**Input data**.
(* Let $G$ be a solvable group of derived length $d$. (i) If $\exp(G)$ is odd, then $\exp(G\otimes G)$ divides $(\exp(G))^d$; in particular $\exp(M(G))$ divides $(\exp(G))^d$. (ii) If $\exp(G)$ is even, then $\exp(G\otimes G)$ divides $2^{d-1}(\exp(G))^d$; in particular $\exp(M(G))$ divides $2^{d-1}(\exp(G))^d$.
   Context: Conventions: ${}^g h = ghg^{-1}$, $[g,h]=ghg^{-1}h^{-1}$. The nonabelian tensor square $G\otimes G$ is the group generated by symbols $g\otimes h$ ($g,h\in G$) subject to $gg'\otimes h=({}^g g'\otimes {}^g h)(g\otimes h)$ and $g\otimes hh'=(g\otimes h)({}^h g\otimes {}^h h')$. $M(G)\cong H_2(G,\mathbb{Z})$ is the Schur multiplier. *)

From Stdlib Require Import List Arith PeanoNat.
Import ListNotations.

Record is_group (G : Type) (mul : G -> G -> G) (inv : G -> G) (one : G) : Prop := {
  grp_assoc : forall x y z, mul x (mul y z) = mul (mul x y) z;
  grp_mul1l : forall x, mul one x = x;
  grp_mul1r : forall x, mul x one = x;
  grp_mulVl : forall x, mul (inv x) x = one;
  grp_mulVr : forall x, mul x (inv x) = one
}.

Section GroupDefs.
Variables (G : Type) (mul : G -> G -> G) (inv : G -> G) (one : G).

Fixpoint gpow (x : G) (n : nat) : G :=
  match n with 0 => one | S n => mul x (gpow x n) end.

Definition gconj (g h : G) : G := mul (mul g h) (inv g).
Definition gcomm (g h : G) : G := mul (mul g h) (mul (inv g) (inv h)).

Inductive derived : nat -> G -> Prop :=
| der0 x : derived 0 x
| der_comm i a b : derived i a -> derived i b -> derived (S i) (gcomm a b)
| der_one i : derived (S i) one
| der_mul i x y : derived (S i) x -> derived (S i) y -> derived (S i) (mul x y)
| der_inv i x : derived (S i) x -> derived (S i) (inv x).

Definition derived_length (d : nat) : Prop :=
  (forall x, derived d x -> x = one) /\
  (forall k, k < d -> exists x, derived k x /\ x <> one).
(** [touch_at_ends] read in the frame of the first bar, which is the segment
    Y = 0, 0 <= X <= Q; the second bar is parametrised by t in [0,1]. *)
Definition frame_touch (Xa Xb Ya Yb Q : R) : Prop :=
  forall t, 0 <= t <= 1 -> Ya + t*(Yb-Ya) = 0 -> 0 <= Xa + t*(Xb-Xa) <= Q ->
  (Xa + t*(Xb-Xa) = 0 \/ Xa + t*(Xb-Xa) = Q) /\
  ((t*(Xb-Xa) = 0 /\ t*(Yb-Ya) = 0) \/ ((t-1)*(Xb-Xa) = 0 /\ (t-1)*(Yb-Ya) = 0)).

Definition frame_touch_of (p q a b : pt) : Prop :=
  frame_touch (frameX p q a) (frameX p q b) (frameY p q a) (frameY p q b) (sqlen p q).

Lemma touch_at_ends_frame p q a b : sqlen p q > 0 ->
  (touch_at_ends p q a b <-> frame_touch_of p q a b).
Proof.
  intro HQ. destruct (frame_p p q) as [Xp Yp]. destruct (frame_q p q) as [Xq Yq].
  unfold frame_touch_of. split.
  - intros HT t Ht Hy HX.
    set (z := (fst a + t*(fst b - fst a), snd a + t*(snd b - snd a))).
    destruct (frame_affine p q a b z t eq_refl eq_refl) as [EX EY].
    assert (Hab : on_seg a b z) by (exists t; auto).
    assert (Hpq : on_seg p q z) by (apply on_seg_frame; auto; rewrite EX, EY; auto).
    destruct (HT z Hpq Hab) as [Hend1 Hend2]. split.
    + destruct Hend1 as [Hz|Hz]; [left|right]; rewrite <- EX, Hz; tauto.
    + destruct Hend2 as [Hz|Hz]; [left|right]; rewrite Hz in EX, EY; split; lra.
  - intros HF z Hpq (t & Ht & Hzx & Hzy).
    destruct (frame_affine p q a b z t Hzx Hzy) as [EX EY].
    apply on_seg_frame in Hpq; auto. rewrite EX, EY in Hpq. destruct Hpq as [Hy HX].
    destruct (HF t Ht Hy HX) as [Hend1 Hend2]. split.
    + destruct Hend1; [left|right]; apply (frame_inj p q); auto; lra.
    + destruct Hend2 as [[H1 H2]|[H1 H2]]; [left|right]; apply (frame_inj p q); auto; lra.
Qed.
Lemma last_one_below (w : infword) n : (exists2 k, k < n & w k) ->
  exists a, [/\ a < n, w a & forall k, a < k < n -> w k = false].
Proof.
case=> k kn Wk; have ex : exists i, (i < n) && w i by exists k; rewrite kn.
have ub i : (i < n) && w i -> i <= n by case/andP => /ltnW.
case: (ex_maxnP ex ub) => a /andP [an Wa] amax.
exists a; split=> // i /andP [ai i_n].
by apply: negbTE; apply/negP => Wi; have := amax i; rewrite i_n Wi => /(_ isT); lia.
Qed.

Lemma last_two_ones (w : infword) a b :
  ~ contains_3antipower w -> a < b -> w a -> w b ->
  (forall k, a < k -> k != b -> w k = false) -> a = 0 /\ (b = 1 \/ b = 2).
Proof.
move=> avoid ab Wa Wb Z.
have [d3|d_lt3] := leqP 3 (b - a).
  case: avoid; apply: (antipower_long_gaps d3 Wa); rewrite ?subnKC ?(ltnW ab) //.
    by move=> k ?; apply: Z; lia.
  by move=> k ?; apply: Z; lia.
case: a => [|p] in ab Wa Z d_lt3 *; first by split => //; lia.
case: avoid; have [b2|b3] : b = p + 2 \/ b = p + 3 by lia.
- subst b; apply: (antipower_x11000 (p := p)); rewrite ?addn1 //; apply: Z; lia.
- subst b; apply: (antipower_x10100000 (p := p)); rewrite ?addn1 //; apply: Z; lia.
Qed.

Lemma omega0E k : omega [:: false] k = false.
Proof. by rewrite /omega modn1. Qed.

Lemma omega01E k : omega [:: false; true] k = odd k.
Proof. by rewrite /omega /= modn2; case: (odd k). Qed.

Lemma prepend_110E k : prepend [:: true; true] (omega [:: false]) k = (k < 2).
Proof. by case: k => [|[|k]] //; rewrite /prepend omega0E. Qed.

**Exercise description**. Taking the line with "case: avoid; apply: (antipower_long_gaps" as the first and the line with "Lemma omega01E k" as the last, retype that stretch of the data above exactly, with no other lines.

**The completed task**.
  case: avoid; apply: (antipower_long_gaps d3 Wa); rewrite ?subnKC ?(ltnW ab) //.
    by move=> k ?; apply: Z; lia.
  by move=> k ?; apply: Z; lia.
case: a => [|p] in ab Wa Z d_lt3 *; first by split => //; lia.
case: avoid; have [b2|b3] : b = p + 2 \/ b = p + 3 by lia.
- subst b; apply: (antipower_x11000 (p := p)); rewrite ?addn1 //; apply: Z; lia.
- subst b; apply: (antipower_x10100000 (p := p)); rewrite ?addn1 //; apply: Z; lia.
Qed.

Lemma omega0E k : omega [:: false] k = false.
Proof. by rewrite /omega modn1. Qed.

Lemma omega01E k : omega [:: false; true] k = odd k.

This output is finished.